In the light of the impact of COVID–19 on SDG, data deluge and computing power, each SDG can reasonably be seen as a source of Big Data (Kharrazi 2017, Kruse et al. 2016, Yan et al. 2015, Mwitondi et al. 2018a, b). For the purpose of this work, structured data came from the European Centre for Disease Prevention and Control (ECDC) (ECDC 2020) and the UK Office of National Statistics website (ONS 2020). The former provided daily updates on cases and deaths per country based on a 14-day notification rate of new COVID-19 cases and deaths while the latter provided multiple data files on business, industry and trade as well as on the general economy and on the dynamics on the labour market before and during the pandemic. Preparation of structured data for animation and visualisation required re-arranging the data points in such a way that the adapted Algorithm 1, described below, could iterate across attributes. Table 1 lists a typical choice of variables of interest. Notice that while this list satisfies the requirements for the illustrations in this paper, it is by no means exhaustive. Its elements are dependent on the problem at hand and must carefully be selected based on the data-driven generic framework in Figure 2. In other words, variable selection is problem-dependent and it should be guided by expert knowledge in both the underlying domain and data analytics. Identifying the necessary skills and modelling techniques is also a function of the problem space. It is that multi-dimensional joint decision that defines the functionality of the framework in Figure 2.

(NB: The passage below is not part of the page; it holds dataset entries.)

Lemma env_continuous (T : topologicalType) (f : envelope mul inv Dom Th -> T)
    (h : G * W -> T) :
  (forall p, f (pi p) = h p) -> continuous h -> continuous f.
Proof.
move=> fE /continuousP h_cont; apply/continuousP => U oU.
change (open (pi @^-1` (f @^-1` U))).
have -> : pi @^-1` (f @^-1` U) = h @^-1` U by apply/seteqP; split => p /=; rewrite fE.
exact: h_cont.
Qed.

End Quotient.

Section Map.
Variables (W W' : topologicalType).
Variables (Dom : G -> set W) (Th : G -> W -> W -> Prop).
Variables (Dom' : G -> set W') (Th' : G -> W' -> W' -> Prop).
Local Notation R := (envR mul inv Dom Th).
Local Notation R' := (envR mul inv Dom' Th').
Local Notation pi := (env_pi mul inv Dom Th).
Local Notation pi' := (env_pi mul inv Dom' Th').
Hypotheses (R_equiv : Equivalence R) (R'_equiv : Equivalence R').
Variable phi : W -> W'.
Hypothesis phi_compat : forall p q, R p q -> R' (p.1, phi p.2) (q.1, phi q.2).

Definition env_map (a : envelope mul inv Dom Th) : envelope mul inv Dom' Th' :=
  pi' ((env_repr a).1, phi (env_repr a).2).

Lemma env_mapE p : env_map (pi p) = pi' (p.1, phi p.2).
Proof. by apply: env_pi_eq; apply: phi_compat; exact: env_repr_pi. Qed.

Lemma env_map_act g a :
  env_map (env_act mul inv Dom Th g a) = env_act mul inv Dom' Th' g (env_map a).
Proof.
by rewrite -(env_reprK a) env_act_pi // !env_mapE // env_act_pi.
Qed.

Lemma env_map_continuous : continuous phi -> continuous env_map.
Proof.
move=> phi_cont; apply: (env_continuous (h := pi' \o fun p => (p.1, phi p.2))).
  exact: env_mapE.
move=> p; apply: continuous_comp; last exact: env_pi_continuous.
apply: cvg_pair; first exact: cvg_fst.
by apply: cvg_comp; [exact: cvg_snd | exact: phi_cont].
Qed.

End Map.
End Envelopes.

Arguments env_map {G} mul inv {W W'} Dom Th Dom' Th' phi a.

Section FunctionSpace.
Variables X Y : topologicalType.

Definition cst_Cfun (y : Y) : Cfun X Y :=
  exist _ ((fun _ : X => y) : @compact_open X Y) (mem_set (@cst_continuous X Y y)).

Definition eval_Cfun (t : X) (f : Cfun X Y) : Y := set_val f t.

Lemma eval_Cfun_continuous t : continuous (eval_Cfun t).
Proof.
apply/continuousP => O oO.
have -> : eval_Cfun t @^-1` O =
    set_val @^-1` [set g : @compact_open X Y | g @` [set t] `<=` O].
  by apply/seteqP; split => f /= => [Oft _ [s -> <-] | ]; [ | apply; exists t].
have /continuousP : continuous (set_val : Cfun X Y -> @compact_open X Y).
  exact: initial_continuous.
by apply; apply: compact_open_open => //; exact: compact_set1.
Qed.

Lemma cst_Cfun_continuous : continuous cst_Cfun.
Proof.
apply: (@continuous_comp_initial _ _ _ (set_val : Cfun X Y -> @compact_open X Y)).
move=> y; apply/compact_open_cvgP => K O _ oO KO.
have [Oy|nOy] := pselect (O y).
  by apply: filterS (open_nbhs_nbhs (conj oO Oy)) => y' Oy' _ [k _ <-].
apply: filterE => ? ? [k Kk _]; exfalso; apply: nOy; apply: KO; by exists k.
Qed.
(* Let $\Gamma$ be the group generated by the super-Apollonian group $\mathcal A^S$, the $4\times4$ permutation matrices, and $\pm I$, and let $\tilde\Gamma=\langle\Gamma,D\rangle$ with $D=\frac12\begin{pmatrix}-1&1&1&1\\1&-1&1&1\\1&1&-1&1\\1&1&1&-1\end{pmatrix}$. Then $\tilde\Gamma=J_0\,O(3,1;\mathbb Z)\,J_0^{-1}$, where $J_0=\frac12\begin{pmatrix}1&1&1&1\\1&1&-1&-1\\1&-1&1&-1\\1&-1&-1&1\end{pmatrix}$.
   Context: Let $S_i$ ($i=1,\dots,4$) be the $4\times4$ integer matrix equal to the identity except that row $i$ has $-1$ in position $i$ and $2$ in the other three positions, and $S_i^\perp=S_i^T$; the super-Apollonian group is $\mathcal A^S=\langle S_1,\dots,S_4,S_1^\perp,\dots,S_4^\perp\rangle$. Let $Q_L=\mathrm{diag}(-1,1,1,1)$ and $O(3,1;\mathbb Z)=\{U\in M_4(\mathbb Z):U^TQ_LU=Q_L\}$. *)

From HB Require Import structures.
From mathcomp Require Import all_boot all_order all_fingroup all_algebra.
Set Implicit Arguments. Unset Strict Implicit. Unset Printing Implicit Defensive.
Import Order.TTheory GRing.Theory Num.Theory.
Local Open Scope ring_scope.

Inductive genby (P : 'M[rat]_4 -> Prop) : 'M[rat]_4 -> Prop :=
  | genby_base M : P M -> genby P M
  | genby_one : genby P 1%:M
  | genby_mul M N : genby P M -> genby P N -> genby P (M *m N)
  | genby_inv M : genby P M -> genby P (invmx M).

Definition Smat (i : 'I_4) : 'M[rat]_4 :=
  \matrix_(r, c) (if r == i then (if c == i then -1 else 2) else (r == c)%:R).

(* generators of the super-Apollonian group: S_i and S_i^perp = S_i^T *)
Definition AS_gen (M : 'M[rat]_4) : Prop :=
  exists i : 'I_4, M = Smat i \/ M = (Smat i)^T.

Definition superApollonian : 'M[rat]_4 -> Prop := genby AS_gen.

Definition Gamma : 'M[rat]_4 -> Prop :=
  genby (fun M => superApollonian M \/ (exists s : 'S_4, M = perm_mx s)
                  \/ M = 1%:M \/ M = - 1%:M).

Definition Dmat : 'M[rat]_4 :=
  \matrix_(r, c) (if r == c then - (1/2) else 1/2).

Definition GammaTilde : 'M[rat]_4 -> Prop :=
  genby (fun M => Gamma M \/ M = Dmat).

Definition J0 : 'M[rat]_4 :=
  (1/2) *: \matrix_(r, c)
    (nth 0 (nth [::] [:: [:: 1; 1; 1; 1]; [:: 1; 1; -1; -1];
                         [:: 1; -1; 1; -1]; [:: 1; -1; -1; 1]] r) c).
Theorem sum4sq_nat (n : nat) : sum4sq n%:Z.
Proof.
elim/ltn_ind: n => n IH; have [n_le1|n_gt1] := leqP n 1.
  by case: n n_le1 {IH} => [|[|//]] _; [exists 0, 0, 0, 0 | exists 1, 0, 0, 0].
have pp := pdiv_prime n_gt1; have p_gt1 := prime_gt1 pp.
rewrite -(divnK (pdiv_dvd n)) PoszM; apply: sum4sq_mul (sum4sq_prime pp).
by apply: IH; rewrite ltn_Pdiv // ltnW.
Qed.

Definition negacirc_entry (N : nat) (r : seq int) (i j : nat) : int :=
  if (i <= j)%N then r`_(j - i) else - r`_(N + j - i).

(* Matrices and big sums do not compute, so W32_17 is checked through explicit entry and sum
   functions on nat indices. *)
Definition W32_17_entry (i j : nat) : int :=
  if (i < 16)%N then
    if (j < 16)%N then negacirc_entry 16 rA i j else negacirc_entry 16 rB i (j - 16)
  else
    if (j < 16)%N then - negacirc_entry 16 rB j (i - 16)
    else negacirc_entry 16 rA (j - 16) (i - 16).

Lemma W32_17E (i j : 'I_(16 + 16)) : W32_17 i j = W32_17_entry i j.
Proof.
rewrite /W32_17 /W32_17_entry.
case: split_ordP => i' ->; case: split_ordP => j' ->;
  rewrite ?block_mxEul ?block_mxEur ?block_mxEdl ?block_mxEdr /nA /nB /negacirc !mxE;
  by have := ltn_ord i'; have := ltn_ord j'; move=> hj hi; rewrite /= ?addKn.
Qed.

Definition sum_iota (n : nat) (g : nat -> int) : int :=
  foldr (fun l s => g l + s) 0 (iota 0 n).

Lemma sum_iotaE n (g : nat -> int) : \sum_(l < n) g l = sum_iota n g.
Proof.
rewrite -(big_mkord xpredT) /index_iota subn0 /sum_iota.
by elim: (iota 0 n) => [|x s IH]; rewrite ?big_nil ?big_cons ?IH.
Qed.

|VARIABLES||NOTATION||DESCRIPTION AND RELEVANCE|
|Population||δ||Population affected by a phenomenon: This may be a national, regional or city population from which other variables are obtained|
|GDP||ɣ||Gross Domestic Product of a country: Vital for comparative purposes|
|Unemployment||ξ||Unemployment rate: Global, national, regional or city level|
|Location||λ||Where a phenomenon happens: Useful for spatio–temporal comparisons|
|Time||τ||Year, month, week, day etc: Useful for spatio–temporal comparisons|
|COVID–19||κ||Deaths, infections, hospitalisation rates, variants|
|PPE||π||Personal Protective Equipment: Associated with COVID–19 etc.|
The unstructured dataset is a large COVID–19 X–Ray collection of 1840 image files, downloaded from GitHub (Cohen et al. 2020) and 1341 normal X–Ray image files obtained from from Kaggle (Kaggle 2020). Sources of both structured and unstructured data used in this research are regularly updated, which makes it possible for the paper’s modelling results to be reproduced and updated. The adopted implementation strategy is based on a two–fold adaptation of the SMA algorithm as outlined below.
Adaptation of the SMA algorithm is two–fold. The first modification is for animation and visualisation, in search of informative COVID–19 patterns from multiple attributes in a two-dimensional space. The second is for the classification of unstructured data using the Convolutional Neural Network (CNN) model as described in (LeCun, Jackel, Boser, Denker, Graf, Guyon, Henderson, Howard & Hubbard 1989), (LeCun, Boser, Denker, Henderson, Howard, Hubbard & Jackel 1989) and (Fukushima 1980), which is also used to carry out multiple sampling of COVID–19 imagery data. Both adaptations have the potential for providing crucial information to decision makers.
This adaptation is designed for carrying out animation and graphical data visualisation of selected variables, to reflect the multi-dimensional impact of COVID–19 in a two–dimensional space. Its specific applications will vary and must typically be guided by the framework in Figure 2. For example, the choice of attributes to be animated and/or visualised will depend on the intended purpose of the study. Which variables to display and which cut-off points to trigger which alarms are decisions that require underlying domain knowledge and not a purely data science problem. Algorithm 1 represents a simple variant of the SMA algorithm. It is designed to display multiple variables in a two–dimensional space, comparing relevant parameters and firing a message on meeting pre-specified criteria. Its mechanics are illustrated below, using the notation in Table 1, collectively featuring a super set of data sources Γ.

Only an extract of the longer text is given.